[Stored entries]
**********

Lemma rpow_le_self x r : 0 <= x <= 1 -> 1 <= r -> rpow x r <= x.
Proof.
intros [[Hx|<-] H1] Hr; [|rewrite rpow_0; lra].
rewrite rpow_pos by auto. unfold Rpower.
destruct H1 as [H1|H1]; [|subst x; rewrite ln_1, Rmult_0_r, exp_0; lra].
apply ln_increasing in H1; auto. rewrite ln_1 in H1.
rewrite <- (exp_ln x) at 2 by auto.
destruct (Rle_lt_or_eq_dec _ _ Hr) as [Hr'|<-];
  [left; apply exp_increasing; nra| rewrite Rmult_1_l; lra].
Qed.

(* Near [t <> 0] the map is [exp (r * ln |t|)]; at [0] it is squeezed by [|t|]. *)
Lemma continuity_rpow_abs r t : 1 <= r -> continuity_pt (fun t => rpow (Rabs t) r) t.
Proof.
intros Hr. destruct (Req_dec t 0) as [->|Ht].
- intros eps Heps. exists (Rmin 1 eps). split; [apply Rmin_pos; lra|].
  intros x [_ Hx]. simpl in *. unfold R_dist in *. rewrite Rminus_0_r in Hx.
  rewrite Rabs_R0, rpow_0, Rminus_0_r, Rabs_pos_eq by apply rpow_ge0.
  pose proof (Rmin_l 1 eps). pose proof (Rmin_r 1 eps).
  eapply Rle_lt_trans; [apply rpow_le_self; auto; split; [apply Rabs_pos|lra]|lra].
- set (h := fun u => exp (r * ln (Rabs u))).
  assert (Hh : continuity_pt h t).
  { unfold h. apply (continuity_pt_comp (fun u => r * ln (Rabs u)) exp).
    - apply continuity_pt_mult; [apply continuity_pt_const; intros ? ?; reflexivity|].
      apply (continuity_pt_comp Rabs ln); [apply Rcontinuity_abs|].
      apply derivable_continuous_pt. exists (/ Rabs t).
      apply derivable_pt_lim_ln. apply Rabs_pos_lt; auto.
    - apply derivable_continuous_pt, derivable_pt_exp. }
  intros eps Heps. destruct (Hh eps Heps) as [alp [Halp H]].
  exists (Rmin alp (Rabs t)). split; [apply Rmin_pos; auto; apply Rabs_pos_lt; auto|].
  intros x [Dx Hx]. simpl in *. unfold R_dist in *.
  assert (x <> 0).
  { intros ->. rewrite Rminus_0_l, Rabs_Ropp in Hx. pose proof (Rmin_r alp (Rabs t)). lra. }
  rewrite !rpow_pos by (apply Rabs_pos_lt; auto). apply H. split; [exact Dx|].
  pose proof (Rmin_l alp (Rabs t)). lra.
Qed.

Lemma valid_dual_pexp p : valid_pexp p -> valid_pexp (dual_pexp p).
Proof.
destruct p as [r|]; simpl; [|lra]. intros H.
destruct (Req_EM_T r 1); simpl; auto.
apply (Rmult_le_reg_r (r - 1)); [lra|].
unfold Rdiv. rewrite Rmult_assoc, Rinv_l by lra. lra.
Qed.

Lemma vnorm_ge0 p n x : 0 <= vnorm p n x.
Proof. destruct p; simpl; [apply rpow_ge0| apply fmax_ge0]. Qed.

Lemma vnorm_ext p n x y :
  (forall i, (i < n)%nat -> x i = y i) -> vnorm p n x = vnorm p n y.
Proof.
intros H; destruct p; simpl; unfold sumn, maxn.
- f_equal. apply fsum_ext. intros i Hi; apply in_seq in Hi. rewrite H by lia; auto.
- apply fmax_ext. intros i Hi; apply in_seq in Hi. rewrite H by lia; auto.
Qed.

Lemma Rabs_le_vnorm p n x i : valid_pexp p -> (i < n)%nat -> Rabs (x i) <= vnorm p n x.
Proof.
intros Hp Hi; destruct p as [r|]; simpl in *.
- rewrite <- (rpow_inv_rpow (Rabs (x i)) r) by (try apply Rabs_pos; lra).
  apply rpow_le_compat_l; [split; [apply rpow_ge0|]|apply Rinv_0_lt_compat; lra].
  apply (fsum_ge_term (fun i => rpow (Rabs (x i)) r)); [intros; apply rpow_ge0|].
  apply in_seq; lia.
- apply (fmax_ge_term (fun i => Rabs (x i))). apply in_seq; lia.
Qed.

**********

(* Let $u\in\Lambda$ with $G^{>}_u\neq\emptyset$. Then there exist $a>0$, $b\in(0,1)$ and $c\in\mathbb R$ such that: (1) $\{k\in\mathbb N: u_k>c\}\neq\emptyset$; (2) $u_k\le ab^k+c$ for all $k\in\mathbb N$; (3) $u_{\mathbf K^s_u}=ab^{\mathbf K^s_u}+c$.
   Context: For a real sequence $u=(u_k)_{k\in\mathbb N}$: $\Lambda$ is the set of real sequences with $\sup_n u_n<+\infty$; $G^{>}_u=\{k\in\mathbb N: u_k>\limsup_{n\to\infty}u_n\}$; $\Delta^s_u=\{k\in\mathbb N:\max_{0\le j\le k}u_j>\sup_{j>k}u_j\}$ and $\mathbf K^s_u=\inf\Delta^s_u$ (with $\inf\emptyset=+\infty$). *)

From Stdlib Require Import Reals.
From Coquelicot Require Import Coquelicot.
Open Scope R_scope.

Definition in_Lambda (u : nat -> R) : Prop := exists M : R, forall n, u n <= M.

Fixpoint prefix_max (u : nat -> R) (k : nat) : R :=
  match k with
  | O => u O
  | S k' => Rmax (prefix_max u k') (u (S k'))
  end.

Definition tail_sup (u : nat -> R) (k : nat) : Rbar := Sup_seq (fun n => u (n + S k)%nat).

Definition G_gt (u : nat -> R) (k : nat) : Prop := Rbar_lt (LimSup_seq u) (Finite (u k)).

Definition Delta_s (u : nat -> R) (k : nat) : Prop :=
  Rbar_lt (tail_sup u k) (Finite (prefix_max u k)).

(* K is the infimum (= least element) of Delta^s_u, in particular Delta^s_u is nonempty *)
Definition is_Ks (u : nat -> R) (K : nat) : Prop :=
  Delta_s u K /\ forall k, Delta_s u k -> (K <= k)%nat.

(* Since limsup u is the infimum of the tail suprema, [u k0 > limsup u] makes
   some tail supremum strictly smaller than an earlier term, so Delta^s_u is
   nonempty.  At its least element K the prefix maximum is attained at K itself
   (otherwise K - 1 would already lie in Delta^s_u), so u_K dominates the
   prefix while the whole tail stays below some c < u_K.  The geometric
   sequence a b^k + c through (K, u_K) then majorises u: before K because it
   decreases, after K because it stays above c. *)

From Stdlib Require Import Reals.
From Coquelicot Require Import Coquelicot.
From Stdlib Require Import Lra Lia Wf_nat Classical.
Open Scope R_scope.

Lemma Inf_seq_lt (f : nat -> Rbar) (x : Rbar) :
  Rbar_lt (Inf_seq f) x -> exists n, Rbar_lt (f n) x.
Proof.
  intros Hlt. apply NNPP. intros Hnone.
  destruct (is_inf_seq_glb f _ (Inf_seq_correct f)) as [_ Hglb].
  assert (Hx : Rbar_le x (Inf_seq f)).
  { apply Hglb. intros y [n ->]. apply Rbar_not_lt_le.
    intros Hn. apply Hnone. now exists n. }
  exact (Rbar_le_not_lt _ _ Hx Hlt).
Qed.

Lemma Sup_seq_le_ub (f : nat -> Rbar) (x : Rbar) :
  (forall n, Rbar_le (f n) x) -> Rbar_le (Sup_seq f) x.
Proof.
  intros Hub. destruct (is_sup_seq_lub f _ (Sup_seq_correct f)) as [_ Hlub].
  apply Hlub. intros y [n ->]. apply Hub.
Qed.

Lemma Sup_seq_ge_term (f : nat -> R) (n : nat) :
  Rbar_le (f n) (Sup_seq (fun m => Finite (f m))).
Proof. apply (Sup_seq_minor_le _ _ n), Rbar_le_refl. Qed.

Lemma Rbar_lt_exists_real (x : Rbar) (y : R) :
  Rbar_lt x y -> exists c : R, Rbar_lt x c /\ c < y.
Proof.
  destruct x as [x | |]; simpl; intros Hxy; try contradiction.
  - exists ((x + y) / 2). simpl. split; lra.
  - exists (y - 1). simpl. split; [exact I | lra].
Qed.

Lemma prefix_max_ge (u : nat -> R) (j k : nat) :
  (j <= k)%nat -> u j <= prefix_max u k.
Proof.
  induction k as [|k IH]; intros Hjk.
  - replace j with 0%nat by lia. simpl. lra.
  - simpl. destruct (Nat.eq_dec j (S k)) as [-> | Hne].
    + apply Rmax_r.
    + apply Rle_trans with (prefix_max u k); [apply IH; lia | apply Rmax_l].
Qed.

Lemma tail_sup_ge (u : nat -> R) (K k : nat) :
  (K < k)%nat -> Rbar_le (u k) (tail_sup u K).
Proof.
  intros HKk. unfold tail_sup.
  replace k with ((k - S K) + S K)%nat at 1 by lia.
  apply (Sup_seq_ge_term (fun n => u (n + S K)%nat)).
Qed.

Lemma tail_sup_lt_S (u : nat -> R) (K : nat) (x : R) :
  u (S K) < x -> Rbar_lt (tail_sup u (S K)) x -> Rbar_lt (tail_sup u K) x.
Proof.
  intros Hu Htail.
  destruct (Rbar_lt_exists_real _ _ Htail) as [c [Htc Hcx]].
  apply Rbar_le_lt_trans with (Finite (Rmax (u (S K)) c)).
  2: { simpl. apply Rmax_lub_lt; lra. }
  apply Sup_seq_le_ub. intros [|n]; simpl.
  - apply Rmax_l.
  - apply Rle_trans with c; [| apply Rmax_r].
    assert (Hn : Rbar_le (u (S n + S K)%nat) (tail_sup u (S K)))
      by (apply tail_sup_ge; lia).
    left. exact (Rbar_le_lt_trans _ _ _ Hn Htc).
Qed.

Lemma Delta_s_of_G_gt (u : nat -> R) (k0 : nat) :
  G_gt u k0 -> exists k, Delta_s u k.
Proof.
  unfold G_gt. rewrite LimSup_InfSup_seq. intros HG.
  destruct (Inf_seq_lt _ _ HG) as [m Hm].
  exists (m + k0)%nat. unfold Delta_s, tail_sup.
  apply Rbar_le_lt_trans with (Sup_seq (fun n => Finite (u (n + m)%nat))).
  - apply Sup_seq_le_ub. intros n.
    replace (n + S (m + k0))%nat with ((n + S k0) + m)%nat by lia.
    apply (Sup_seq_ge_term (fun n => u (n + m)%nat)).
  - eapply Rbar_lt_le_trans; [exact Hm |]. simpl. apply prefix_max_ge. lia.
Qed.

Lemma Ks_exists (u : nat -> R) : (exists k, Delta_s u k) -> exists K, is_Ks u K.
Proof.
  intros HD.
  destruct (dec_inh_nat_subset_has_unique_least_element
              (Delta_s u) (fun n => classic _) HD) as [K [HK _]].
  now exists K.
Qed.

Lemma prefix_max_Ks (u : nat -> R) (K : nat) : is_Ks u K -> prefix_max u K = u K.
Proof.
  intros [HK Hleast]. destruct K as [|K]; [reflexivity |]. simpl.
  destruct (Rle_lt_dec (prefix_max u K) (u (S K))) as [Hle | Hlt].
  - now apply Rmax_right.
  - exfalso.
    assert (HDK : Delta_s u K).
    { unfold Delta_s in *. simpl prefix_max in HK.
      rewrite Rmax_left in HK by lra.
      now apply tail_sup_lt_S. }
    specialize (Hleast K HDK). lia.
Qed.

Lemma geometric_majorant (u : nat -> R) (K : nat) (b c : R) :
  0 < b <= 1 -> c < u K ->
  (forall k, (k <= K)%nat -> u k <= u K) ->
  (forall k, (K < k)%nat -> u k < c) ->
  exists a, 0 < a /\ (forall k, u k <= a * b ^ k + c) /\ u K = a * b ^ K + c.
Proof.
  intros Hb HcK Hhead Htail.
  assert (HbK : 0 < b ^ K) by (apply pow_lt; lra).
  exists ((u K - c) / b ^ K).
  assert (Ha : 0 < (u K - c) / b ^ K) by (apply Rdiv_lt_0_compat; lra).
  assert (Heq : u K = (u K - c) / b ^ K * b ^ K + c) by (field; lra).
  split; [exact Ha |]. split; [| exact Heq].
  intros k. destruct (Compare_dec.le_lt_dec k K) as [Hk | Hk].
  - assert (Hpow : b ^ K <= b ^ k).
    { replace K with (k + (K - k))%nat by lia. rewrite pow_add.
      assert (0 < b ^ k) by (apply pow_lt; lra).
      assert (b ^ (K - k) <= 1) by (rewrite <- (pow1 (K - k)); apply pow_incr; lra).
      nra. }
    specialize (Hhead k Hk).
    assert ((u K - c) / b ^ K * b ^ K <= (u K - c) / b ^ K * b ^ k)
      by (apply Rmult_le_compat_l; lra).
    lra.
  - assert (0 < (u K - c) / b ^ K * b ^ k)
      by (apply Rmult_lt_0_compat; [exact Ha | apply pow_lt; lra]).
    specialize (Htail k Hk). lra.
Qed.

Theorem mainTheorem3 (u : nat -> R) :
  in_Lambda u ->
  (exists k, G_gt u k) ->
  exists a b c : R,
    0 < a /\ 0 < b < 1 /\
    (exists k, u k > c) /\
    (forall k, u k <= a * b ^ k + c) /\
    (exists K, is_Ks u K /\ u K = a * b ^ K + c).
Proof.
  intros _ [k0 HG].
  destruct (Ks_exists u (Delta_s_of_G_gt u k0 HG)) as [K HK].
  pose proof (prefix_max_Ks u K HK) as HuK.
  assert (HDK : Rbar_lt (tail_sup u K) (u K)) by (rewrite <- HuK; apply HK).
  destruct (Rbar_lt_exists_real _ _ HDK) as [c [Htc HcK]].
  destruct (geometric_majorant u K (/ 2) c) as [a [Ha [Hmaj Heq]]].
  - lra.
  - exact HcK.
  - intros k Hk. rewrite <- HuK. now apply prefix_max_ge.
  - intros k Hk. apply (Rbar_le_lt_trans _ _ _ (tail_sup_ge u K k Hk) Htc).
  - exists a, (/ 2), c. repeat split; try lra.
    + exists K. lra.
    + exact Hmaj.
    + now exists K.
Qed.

**********

Among the lines above, find the ones containing "stays" and copy them.

» WRITTEN REPLY:
   prefix while the whole tail stays below some c < u_K.  The geometric
   decreases, after K because it stays above c. *)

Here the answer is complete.